++++ Data excerpts

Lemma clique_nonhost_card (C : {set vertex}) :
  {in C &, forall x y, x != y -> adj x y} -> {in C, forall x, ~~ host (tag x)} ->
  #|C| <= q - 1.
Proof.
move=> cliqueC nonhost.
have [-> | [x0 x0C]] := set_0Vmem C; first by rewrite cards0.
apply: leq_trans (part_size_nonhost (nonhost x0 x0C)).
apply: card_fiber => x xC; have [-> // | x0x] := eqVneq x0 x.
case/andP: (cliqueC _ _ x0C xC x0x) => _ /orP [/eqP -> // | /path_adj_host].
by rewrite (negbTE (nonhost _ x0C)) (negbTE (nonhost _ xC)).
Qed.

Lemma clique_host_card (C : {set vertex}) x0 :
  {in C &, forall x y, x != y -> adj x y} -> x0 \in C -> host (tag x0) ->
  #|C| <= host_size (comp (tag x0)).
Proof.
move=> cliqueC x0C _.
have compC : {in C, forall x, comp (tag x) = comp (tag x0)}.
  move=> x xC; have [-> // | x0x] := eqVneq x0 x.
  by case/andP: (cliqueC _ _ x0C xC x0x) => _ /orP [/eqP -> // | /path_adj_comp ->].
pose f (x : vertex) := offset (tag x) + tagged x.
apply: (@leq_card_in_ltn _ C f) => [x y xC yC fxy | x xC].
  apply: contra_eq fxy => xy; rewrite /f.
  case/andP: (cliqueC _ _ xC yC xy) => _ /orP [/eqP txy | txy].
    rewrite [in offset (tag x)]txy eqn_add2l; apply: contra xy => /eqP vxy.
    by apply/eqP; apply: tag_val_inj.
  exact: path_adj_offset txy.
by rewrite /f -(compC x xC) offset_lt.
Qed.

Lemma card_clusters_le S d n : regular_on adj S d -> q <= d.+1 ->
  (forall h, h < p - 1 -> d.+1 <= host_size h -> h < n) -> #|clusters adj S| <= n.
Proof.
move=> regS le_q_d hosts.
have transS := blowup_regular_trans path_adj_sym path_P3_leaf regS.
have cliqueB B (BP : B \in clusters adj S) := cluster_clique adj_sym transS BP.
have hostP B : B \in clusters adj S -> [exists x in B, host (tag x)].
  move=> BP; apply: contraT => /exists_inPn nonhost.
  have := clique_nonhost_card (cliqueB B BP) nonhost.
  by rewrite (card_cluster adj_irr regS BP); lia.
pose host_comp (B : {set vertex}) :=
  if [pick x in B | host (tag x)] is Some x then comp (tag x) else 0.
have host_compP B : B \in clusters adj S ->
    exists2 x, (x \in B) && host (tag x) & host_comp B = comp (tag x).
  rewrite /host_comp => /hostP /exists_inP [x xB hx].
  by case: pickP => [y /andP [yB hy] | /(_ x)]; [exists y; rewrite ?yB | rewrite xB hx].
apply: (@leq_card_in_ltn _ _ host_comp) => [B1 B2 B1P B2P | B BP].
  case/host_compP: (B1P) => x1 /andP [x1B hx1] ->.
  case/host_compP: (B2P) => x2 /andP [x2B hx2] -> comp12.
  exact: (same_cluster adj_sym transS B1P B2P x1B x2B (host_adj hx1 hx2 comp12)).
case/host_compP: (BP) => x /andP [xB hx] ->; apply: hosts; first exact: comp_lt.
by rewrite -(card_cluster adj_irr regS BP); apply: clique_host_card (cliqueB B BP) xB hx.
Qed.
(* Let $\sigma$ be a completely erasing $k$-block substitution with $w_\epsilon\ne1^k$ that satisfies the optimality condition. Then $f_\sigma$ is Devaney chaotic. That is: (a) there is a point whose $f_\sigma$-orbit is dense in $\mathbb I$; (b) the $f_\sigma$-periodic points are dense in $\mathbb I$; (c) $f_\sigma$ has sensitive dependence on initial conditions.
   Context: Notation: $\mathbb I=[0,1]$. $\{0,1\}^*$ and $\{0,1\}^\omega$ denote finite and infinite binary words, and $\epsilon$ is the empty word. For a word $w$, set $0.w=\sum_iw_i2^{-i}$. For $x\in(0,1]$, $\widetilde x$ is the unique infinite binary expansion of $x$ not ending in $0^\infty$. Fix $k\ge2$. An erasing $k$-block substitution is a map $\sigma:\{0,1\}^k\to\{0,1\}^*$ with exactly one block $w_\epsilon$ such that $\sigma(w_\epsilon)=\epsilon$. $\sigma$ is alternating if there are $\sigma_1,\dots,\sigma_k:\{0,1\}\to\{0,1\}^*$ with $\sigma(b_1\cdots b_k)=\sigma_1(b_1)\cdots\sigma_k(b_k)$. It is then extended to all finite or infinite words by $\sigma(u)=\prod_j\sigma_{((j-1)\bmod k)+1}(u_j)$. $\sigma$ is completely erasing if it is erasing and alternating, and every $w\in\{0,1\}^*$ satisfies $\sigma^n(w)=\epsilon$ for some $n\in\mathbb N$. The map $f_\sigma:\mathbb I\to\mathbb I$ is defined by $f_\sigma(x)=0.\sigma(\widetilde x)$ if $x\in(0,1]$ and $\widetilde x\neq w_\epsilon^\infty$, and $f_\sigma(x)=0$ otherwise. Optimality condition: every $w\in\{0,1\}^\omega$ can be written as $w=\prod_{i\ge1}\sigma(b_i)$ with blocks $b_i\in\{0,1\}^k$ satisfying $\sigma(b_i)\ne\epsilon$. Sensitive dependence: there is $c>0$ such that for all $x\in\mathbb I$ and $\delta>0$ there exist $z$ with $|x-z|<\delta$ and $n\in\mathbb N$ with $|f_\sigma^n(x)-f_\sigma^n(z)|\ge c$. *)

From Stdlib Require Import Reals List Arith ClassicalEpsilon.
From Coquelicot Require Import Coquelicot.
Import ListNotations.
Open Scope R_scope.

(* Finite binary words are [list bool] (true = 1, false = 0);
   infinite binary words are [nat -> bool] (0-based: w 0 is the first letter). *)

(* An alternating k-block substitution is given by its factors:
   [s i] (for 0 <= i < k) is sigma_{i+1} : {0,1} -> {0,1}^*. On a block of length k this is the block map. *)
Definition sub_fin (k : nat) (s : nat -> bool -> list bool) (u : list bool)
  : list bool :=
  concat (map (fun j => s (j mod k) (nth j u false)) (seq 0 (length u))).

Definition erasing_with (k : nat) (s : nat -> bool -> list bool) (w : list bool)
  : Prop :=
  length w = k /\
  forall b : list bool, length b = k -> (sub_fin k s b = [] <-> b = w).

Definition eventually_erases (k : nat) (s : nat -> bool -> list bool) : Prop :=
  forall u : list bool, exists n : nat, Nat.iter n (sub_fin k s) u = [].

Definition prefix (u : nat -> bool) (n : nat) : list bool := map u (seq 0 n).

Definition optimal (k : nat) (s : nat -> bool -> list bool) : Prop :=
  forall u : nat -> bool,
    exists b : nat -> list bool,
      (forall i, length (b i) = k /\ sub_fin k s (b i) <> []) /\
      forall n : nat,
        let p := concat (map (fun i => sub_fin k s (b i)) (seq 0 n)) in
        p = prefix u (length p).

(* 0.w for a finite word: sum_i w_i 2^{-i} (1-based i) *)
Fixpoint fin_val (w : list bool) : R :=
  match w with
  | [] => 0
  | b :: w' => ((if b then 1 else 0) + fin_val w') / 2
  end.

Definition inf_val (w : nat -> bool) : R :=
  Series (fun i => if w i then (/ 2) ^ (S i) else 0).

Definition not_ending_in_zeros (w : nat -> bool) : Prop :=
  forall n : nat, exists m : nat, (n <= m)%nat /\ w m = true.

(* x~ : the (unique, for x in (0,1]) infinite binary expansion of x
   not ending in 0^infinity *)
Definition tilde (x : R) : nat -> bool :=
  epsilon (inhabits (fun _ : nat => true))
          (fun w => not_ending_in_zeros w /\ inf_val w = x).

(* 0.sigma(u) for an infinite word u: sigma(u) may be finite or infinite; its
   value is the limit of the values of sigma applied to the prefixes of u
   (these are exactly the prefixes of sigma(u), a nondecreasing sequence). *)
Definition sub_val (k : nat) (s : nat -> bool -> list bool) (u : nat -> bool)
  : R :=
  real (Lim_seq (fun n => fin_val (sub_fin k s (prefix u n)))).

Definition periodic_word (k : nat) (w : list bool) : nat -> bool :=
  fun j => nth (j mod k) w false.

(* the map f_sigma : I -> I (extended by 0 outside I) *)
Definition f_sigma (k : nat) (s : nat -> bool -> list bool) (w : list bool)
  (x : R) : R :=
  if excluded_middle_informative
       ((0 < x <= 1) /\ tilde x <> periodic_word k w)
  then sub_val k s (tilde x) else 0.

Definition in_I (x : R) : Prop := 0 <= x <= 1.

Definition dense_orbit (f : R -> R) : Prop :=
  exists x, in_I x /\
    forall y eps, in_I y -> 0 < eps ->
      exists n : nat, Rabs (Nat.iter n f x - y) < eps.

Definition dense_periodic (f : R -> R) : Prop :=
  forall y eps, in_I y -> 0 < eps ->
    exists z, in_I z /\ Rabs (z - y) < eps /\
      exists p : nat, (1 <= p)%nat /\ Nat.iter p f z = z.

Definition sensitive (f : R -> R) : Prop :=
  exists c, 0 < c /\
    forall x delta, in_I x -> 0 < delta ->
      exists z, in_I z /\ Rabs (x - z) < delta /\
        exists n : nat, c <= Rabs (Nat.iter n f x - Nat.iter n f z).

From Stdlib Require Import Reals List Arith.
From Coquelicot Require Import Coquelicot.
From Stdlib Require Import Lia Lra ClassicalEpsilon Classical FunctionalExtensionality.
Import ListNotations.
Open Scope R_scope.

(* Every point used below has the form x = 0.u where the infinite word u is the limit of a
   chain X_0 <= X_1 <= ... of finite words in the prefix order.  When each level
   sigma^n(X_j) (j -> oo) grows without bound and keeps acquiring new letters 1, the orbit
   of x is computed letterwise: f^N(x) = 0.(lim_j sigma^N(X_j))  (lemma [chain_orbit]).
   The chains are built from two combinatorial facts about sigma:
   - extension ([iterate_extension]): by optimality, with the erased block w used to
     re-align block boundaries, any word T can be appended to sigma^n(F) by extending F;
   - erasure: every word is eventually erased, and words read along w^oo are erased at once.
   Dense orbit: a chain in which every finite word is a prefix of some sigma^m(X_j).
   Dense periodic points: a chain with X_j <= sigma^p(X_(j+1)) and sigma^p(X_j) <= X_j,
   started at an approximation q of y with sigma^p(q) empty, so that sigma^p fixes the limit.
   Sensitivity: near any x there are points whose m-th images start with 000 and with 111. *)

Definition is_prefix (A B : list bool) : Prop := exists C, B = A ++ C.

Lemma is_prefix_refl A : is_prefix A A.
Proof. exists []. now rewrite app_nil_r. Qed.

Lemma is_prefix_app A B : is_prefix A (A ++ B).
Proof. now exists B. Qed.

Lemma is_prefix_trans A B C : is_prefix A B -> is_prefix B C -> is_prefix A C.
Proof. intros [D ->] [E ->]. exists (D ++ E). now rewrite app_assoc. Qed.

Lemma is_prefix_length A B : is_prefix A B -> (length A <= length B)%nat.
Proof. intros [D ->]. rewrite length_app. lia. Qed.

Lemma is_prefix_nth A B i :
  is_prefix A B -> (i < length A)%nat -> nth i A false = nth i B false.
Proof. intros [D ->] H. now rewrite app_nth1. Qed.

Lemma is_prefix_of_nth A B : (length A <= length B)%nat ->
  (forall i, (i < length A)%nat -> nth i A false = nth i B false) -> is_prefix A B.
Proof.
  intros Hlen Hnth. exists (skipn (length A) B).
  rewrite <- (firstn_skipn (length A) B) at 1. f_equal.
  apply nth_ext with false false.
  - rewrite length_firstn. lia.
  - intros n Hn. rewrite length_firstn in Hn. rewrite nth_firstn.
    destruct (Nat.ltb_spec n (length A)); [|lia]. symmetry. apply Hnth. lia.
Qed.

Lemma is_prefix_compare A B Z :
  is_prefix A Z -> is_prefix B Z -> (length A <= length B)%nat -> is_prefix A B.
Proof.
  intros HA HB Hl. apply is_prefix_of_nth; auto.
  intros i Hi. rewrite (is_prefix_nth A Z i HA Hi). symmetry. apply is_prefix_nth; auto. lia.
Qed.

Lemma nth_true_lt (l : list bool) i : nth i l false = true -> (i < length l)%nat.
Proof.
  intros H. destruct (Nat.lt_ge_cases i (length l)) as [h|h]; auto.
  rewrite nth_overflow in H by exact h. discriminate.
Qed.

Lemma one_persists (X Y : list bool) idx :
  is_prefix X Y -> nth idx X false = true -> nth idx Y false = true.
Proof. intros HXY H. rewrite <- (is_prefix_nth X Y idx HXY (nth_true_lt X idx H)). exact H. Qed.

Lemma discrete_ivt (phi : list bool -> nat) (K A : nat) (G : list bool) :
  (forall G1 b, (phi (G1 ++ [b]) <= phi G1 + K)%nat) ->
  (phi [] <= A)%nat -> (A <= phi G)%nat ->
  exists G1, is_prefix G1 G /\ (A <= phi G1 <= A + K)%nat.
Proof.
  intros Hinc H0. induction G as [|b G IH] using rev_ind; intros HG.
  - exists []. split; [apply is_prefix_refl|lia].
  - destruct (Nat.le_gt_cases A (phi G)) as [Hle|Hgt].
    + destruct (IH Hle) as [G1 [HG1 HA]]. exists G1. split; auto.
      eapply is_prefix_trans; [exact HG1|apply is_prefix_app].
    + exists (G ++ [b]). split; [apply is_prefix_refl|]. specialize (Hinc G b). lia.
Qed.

++++++++
++++ Data excerpts

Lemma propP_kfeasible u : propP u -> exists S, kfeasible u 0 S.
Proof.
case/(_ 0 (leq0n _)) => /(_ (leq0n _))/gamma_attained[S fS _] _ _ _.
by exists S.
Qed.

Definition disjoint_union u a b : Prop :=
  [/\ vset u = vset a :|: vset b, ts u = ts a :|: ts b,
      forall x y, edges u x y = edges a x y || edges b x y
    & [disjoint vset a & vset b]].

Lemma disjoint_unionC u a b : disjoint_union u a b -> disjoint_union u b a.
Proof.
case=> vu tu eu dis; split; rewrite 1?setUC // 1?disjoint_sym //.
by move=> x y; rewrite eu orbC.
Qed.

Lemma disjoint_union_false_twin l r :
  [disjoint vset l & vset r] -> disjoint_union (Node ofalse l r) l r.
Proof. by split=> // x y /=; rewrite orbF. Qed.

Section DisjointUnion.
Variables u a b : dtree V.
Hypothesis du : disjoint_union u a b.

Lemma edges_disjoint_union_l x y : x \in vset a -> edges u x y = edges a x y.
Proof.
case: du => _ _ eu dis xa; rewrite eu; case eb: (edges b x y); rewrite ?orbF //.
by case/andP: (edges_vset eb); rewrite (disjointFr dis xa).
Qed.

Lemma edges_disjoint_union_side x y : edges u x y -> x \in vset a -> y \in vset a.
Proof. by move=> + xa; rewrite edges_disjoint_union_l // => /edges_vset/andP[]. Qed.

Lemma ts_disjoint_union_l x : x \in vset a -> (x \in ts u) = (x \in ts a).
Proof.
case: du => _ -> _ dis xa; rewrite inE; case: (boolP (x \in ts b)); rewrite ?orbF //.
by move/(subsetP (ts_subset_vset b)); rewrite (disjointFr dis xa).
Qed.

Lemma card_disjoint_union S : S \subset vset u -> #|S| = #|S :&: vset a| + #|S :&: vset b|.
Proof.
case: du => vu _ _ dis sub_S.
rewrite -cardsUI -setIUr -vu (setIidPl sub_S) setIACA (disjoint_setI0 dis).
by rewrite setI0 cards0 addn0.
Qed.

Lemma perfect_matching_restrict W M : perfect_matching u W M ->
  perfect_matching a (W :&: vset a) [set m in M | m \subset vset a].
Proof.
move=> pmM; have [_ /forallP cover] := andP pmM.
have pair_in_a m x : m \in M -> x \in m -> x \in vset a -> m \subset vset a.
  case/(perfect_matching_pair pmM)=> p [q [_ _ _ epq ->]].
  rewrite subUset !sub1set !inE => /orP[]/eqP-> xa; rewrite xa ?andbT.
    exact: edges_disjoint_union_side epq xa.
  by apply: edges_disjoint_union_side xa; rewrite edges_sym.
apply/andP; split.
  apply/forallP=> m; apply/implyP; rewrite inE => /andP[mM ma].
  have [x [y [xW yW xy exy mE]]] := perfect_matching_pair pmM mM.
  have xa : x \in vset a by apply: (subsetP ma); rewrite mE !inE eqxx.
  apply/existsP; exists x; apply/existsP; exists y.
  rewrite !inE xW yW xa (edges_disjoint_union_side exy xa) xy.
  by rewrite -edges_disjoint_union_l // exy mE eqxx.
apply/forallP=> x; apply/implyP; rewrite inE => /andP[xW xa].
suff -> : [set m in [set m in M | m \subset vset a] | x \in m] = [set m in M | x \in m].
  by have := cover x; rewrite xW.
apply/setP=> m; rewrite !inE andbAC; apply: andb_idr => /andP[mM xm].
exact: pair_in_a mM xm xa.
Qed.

++++++++
++++ Data excerpts

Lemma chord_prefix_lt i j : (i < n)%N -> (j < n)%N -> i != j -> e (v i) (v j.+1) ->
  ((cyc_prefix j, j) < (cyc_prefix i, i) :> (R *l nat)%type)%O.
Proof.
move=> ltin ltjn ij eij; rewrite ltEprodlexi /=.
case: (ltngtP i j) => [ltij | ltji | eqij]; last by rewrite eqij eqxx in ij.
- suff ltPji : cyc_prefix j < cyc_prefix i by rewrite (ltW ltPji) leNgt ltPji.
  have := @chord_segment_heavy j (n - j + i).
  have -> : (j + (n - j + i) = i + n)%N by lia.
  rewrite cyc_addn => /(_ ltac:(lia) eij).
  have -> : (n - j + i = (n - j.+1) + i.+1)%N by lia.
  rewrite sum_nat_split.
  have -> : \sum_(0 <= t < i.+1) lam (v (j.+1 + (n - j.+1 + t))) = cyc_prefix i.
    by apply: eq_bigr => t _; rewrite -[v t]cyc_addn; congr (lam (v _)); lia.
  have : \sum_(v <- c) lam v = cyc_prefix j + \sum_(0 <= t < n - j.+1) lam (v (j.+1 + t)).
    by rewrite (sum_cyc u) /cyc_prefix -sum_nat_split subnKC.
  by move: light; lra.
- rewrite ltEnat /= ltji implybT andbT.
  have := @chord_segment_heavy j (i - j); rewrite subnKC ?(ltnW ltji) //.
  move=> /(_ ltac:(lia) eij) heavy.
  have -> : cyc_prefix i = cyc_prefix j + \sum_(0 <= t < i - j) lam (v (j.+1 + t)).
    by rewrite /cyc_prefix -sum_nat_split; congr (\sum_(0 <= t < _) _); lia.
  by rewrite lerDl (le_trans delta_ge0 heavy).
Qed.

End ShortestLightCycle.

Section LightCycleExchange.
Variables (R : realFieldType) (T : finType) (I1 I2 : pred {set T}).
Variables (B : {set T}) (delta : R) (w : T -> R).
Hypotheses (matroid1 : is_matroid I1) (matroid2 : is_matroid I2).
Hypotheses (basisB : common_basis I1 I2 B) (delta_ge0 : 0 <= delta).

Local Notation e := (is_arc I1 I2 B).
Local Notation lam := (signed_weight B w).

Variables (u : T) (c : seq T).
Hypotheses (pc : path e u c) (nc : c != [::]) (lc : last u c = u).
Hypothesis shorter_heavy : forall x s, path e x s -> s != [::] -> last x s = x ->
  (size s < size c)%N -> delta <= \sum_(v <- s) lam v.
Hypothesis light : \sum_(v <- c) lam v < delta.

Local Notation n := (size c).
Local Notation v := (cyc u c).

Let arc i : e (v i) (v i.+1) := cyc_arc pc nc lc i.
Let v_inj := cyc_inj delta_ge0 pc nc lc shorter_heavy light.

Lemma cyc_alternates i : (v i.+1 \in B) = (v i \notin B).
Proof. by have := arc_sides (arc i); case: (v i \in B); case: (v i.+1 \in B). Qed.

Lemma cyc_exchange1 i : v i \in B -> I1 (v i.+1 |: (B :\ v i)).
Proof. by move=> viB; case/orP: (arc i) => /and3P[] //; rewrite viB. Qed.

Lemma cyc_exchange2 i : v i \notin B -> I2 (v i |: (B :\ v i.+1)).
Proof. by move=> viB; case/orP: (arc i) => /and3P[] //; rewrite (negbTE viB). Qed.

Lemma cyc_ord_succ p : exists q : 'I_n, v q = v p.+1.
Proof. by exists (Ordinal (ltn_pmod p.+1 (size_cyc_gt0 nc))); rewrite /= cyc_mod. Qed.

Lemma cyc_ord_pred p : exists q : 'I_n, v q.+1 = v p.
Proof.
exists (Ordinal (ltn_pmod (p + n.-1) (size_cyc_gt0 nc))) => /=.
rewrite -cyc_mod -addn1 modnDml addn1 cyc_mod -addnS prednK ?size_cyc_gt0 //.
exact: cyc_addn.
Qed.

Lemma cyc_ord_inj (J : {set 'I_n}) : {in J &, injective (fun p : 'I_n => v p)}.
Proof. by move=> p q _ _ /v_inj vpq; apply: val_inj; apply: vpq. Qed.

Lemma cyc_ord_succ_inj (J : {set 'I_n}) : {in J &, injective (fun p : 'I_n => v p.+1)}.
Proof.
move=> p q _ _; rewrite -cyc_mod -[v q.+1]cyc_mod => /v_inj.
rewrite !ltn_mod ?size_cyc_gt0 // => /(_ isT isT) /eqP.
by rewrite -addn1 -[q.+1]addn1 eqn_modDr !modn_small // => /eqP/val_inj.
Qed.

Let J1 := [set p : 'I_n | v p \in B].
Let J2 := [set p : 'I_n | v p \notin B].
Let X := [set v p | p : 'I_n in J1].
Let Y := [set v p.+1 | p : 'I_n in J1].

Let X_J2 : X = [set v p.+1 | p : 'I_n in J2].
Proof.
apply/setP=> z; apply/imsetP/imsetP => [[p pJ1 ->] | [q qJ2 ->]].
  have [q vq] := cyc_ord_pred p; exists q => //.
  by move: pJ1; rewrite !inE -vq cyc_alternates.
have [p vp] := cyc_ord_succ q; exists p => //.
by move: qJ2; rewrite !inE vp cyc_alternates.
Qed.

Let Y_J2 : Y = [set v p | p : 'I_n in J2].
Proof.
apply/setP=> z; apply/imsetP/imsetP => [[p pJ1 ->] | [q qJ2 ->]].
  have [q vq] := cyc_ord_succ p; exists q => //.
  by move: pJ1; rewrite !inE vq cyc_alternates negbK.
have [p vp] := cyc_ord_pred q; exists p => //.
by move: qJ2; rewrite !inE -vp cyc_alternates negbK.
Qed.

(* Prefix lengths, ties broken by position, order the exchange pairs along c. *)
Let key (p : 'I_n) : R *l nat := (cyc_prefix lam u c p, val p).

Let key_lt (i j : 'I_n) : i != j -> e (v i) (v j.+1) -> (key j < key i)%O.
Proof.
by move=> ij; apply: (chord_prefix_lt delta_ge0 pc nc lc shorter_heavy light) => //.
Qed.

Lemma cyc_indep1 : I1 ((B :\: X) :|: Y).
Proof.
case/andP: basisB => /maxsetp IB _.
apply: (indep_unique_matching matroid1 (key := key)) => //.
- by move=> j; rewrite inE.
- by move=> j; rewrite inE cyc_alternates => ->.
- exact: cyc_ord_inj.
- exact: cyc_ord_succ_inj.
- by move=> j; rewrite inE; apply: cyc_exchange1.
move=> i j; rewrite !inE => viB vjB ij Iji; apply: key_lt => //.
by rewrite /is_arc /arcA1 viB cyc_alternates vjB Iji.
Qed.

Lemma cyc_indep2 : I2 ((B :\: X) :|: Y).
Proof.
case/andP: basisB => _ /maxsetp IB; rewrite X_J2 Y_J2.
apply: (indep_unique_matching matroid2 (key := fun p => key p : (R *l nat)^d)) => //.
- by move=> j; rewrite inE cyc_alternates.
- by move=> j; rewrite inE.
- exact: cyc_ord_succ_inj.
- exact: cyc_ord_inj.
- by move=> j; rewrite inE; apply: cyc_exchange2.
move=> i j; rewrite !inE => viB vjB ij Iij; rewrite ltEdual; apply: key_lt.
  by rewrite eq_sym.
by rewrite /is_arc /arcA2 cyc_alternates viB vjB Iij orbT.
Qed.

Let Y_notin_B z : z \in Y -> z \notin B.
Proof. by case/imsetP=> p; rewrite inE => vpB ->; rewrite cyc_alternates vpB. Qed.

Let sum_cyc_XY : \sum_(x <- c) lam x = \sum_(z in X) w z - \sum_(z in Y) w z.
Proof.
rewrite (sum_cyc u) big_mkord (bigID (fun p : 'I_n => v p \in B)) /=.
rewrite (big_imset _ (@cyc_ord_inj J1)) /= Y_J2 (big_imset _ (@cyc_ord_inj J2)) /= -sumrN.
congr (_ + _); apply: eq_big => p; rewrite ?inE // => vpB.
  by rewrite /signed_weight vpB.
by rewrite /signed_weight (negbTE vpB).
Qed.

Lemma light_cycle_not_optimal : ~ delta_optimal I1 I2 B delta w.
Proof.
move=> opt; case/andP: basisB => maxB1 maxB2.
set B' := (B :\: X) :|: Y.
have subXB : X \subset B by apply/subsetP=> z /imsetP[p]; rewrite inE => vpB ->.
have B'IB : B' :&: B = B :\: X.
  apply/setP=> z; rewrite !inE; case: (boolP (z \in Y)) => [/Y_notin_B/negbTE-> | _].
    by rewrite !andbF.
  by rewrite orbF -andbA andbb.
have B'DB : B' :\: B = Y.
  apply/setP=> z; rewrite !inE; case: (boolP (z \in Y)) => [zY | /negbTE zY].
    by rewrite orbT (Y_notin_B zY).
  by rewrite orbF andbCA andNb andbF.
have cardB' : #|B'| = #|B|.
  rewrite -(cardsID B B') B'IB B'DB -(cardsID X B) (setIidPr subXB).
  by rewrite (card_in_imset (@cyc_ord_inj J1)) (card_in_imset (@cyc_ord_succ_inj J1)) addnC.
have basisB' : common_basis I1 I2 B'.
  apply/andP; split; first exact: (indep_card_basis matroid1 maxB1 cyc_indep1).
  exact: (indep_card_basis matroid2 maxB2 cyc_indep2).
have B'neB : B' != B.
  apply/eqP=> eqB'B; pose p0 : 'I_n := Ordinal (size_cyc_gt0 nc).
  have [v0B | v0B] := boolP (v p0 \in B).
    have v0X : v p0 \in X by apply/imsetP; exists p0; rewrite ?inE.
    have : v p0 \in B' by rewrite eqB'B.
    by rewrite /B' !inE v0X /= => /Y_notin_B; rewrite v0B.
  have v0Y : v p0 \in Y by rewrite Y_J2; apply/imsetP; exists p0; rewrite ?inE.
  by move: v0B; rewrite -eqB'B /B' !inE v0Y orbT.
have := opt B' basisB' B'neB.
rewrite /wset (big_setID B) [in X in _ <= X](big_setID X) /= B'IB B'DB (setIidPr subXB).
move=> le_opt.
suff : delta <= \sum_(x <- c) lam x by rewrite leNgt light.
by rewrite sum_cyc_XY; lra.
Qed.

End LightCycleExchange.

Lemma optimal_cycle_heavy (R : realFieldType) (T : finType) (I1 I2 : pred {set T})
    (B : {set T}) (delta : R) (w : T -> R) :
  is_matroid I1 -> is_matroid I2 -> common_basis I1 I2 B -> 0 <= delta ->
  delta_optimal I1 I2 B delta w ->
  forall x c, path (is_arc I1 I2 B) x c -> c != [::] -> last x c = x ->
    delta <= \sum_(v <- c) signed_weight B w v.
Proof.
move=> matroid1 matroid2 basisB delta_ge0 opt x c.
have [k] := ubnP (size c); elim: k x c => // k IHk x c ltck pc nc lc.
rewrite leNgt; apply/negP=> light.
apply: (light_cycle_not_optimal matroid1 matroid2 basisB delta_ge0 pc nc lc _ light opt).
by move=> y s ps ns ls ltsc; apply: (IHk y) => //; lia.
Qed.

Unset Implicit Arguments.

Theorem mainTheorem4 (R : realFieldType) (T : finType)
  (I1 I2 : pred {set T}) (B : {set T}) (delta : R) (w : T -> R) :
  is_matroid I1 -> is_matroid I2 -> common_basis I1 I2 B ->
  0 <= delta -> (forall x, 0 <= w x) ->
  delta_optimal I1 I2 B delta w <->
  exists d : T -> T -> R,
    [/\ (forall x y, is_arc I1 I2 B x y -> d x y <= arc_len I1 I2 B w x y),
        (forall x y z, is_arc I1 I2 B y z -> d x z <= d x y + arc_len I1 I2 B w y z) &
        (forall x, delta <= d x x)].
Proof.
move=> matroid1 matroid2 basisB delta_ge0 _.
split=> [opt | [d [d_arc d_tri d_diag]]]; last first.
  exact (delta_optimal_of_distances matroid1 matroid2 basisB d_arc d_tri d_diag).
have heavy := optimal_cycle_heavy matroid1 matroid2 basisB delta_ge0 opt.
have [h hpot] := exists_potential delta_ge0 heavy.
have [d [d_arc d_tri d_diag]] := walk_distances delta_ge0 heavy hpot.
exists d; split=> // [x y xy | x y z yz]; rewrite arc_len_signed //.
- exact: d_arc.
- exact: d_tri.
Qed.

++++++++

**Exercise requirements**. From the material above, retype precisely the lines between the line holding "Lemma clique_nonhost_card (C" and the line holding "have [-> | [x0", inclusive, and nothing beyond them.

**Answer space**.
Lemma clique_nonhost_card (C : {set vertex}) :
  {in C &, forall x y, x != y -> adj x y} -> {in C, forall x, ~~ host (tag x)} ->
  #|C| <= q - 1.
Proof.
move=> cliqueC nonhost.
have [-> | [x0 x0C]] := set_0Vmem C; first by rewrite cards0.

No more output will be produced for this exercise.